As he explains, and many El Reg readers are likely already aware, AI doesn't really care about the provenance of the sources it cites as authority for its claims, and that's the very thing Stoner sought to exploit when he concocted his experiment.
[8]
"Every frontier LLM with web search grounds its answers in whatever retrieval ranks highest for a given query," Stoner wrote. In the case of the nonexistent 6 Nimmt! championship, his planted source was the only one, and with Wikipedia lending apparent authority, it became a sure-fire way to fool an AI into presenting falsehood as fact - a trick simple enough for non-technical users to pull off.

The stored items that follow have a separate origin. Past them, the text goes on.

(* Let $T = T_d(I)$ be a non-empty, balanced triangular region. Then two tilings of $T$ have the same lattice path sign if and only if the sum of the $E$-counts (which may count some end points $E_j$ multiple times) of the difference cycles is even.
   Context: Let $R=K[x,y,z]$ and $I\subset R$ a monomial ideal. $T_d(I)$ is obtained from the triangle $\mathcal{T}_d$ of side length $d$, subdivided into unit triangles labeled by monomials (downward ones by degree $d-2$, upward ones by degree $d-1$), by removing the triangles whose labels lie in $I$; it is balanced if it has equally many upward- and downward-pointing unit triangles. Lozenges are pairs of unit triangles sharing an edge; tilings cover each triangle exactly once. $L(T)$ is the set of midpoints of edges of triangles of $T$ parallel to the upper-left boundary of $\mathcal{T}_d$ (paths step East or Southeast). $A_1,\dots,A_m$ are the vertices of $L(T)$ lying only on upward-pointing triangles of $T$, $E_1,\dots,E_m$ those lying only on downward-pointing triangles, each ordered by graded reverse-lex order of monomial labels. A tiling $\tau$ determines a family of non-intersecting lattice paths (joining the vertices of $L(T)$ on each lozenge); if the path starting at $A_i$ ends at $E_{\lambda(i)}$, the lattice path sign of $\tau$ is $\operatorname{sgn}(\lambda)$. An $n$-cycle of lozenges in a tiling is an ordered collection of distinct lozenges $\ell_1,\dots,\ell_n$ such that the downward triangle of $\ell_i$ is adjacent to the upward triangle of $\ell_{i+1}$ (indices mod $n$). Its $E$-count is the number of lattice path end points $E_j$ inside the cycle. If $\tau_1,\tau_2$ are tilings with perfect matching permutations $\pi_1,\pi_2$ (bijections from downward to upward triangles given by the lozenges) and $\pi_2=\rho\pi_1$, write $\rho$ as a product of disjoint cycles of length at least two; each corresponds to a cycle of lozenges of $\tau_1$, and twisting all of them (re-pairing the downward triangle of $\ell_i$ with the upward triangle of $\ell_{i+1}$) yields $\tau_2$. These lozenge cycles are the difference cycles of $\tau_1$ and $\tau_2$. *)

From mathcomp Require Import all_boot all_fingroup.
Set Implicit Arguments. Unset Strict Implicit. Unset Printing Implicit Defensive.

(* Monomials x^a y^b z^c of K[x,y,z] are represented by exponent triples.  *)
Definition mon := (nat * nat * nat)%type.
Definition ex (m : mon) : nat := m.1.1.
Definition ey (m : mon) : nat := m.1.2.
Definition ez (m : mon) : nat := m.2.
Definition deg (m : mon) : nat := ex m + ey m + ez m.
Definition mulx (m : mon) : mon := (ex m + 1, ey m, ez m).
Definition muly (m : mon) : mon := (ex m, ey m + 1, ez m).
Definition mulz (m : mon) : mon := (ex m, ey m, ez m + 1).
Definition divz (m : mon) : mon := (ex m, ey m, ez m - 1).

Definition monos (n : nat) : seq mon :=
  [seq (a, b, n - a - b) | a <- iota 0 n.+1, b <- iota 0 (n - a).+1].

(* A monomial ideal of K[x,y,z] is determined by (and given here as) the set
   of monomials it contains; such a set is exactly a set of monomials closed
   under multiplication by the variables. *)
Definition monomial_ideal (I : pred mon) : Prop :=
  forall m, I m -> [&& I (mulx m), I (muly m) & I (mulz m)].

(* Convention for T_d: the top corner is x^(d-1),
   bottom-left y^(d-1), bottom-right z^(d-1).  Upward triangles carry the
   monomials of degree d-1, downward ones those of degree d-2.  A downward
   triangle m is adjacent to exactly the upward triangles x m (above it,
   sharing a horizontal edge), y m (to its left) and z m (to its right; the
   shared edge is parallel to the upper-left boundary). *)
Definition inUp (d : nat) (I : pred mon) (u : mon) : bool :=
  (deg u + 1 == d) && ~~ I u.
Definition inDown (d : nat) (I : pred mon) (m : mon) : bool :=
  (deg m + 2 == d) && ~~ I m.

Definition upsT (d : nat) (I : pred mon) : seq mon :=
  [seq u <- monos d.-1 | inUp d I u].
Definition downsT (d : nat) (I : pred mon) : seq mon :=
  [seq m <- monos d.-2 | inDown d I m].

Definition nonempty_region (d : nat) (I : pred mon) : Prop :=
  0 < size (upsT d I) + size (downsT d I).
Definition balanced (d : nat) (I : pred mon) : Prop :=
  size (upsT d I) = size (downsT d I).

(* A tiling
   of T is encoded by its perfect matching pi : downward -> upward triangles
   (lozenges (m, pi m)); every triangle of T lies in exactly one lozenge. *)
Definition lozenge (d : nat) (I : pred mon) (m u : mon) : bool :=
  [&& inDown d I m, inUp d I u & (u \in [:: mulx m; muly m; mulz m])].

Definition tiling (d : nat) (I : pred mon) (pi : mon -> mon) : Prop :=
  (forall m, inDown d I m -> lozenge d I m (pi m)) /\
  (forall u, inUp d I u -> count (fun m => pi m == u) (downsT d I) = 1).

Definition pinv (d : nat) (I : pred mon) (pi : mon -> mon) (u : mon) : mon :=
  nth u (downsT d I) (find (fun m => pi m == u) (downsT d I)).

(* Every edge parallel to the upper-left boundary is the left edge
   of a unique upward triangle u of T_d; we denote that edge (and its
   midpoint) by u.  Its two neighbouring triangles are u and (if ez u > 0)
   the downward triangle u / z. *)
Definition start_pt (d : nat) (I : pred mon) (u : mon) : bool :=
  inUp d I u && ((ez u == 0) || ~~ inDown d I (divz u)).
Definition end_pt (d : nat) (I : pred mon) (u : mon) : bool :=
  [&& deg u + 1 == d, ~~ inUp d I u, 0 < ez u & inDown d I (divz u)].

(* graded reverse-lexicographic order (x > y > z) on monomials of one degree *)
Definition grevlex_ge (m n : mon) : bool :=
  (ez m < ez n) || ((ez m == ez n) && (ey m <= ey n)).

Definition As (d : nat) (I : pred mon) : seq mon :=
  sort grevlex_ge [seq u <- monos d.-1 | start_pt d I u].
Definition Es (d : nat) (I : pred mon) : seq mon :=
  sort grevlex_ge [seq u <- monos d.-1 | end_pt d I u].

"I didn't do anything novel here. This is old school SEO and misinformation tactics wrapped in new LLM technology and interfaces," Stoner told The Register in an email. "What's changed is that AI now serves these results as authoritative, and most users have no idea how the data pipeline works behind the scenes."
A Large Language Mess
"The thing LLMs are worst at detecting is the thing they're designed to do, which is trust text and resources," Stoner argues in his writeup. "The answer is not 'the model will figure it out,' as the model cannot tell a real source from one I registered last Tuesday. Or how many R's are actually in the word ' [9]strawberry .'"
The problem Stoner exposes in his experiment, he explains, involves three separate failure modes that could be exploited for more damaging ends than inventing a card-game championship.
First, there's the retrieval layer, which can immediately cause an LLM to spit out bad data, as "any LLM that grounds answers in web search inherits the trustworthiness of whatever ranks for a given query."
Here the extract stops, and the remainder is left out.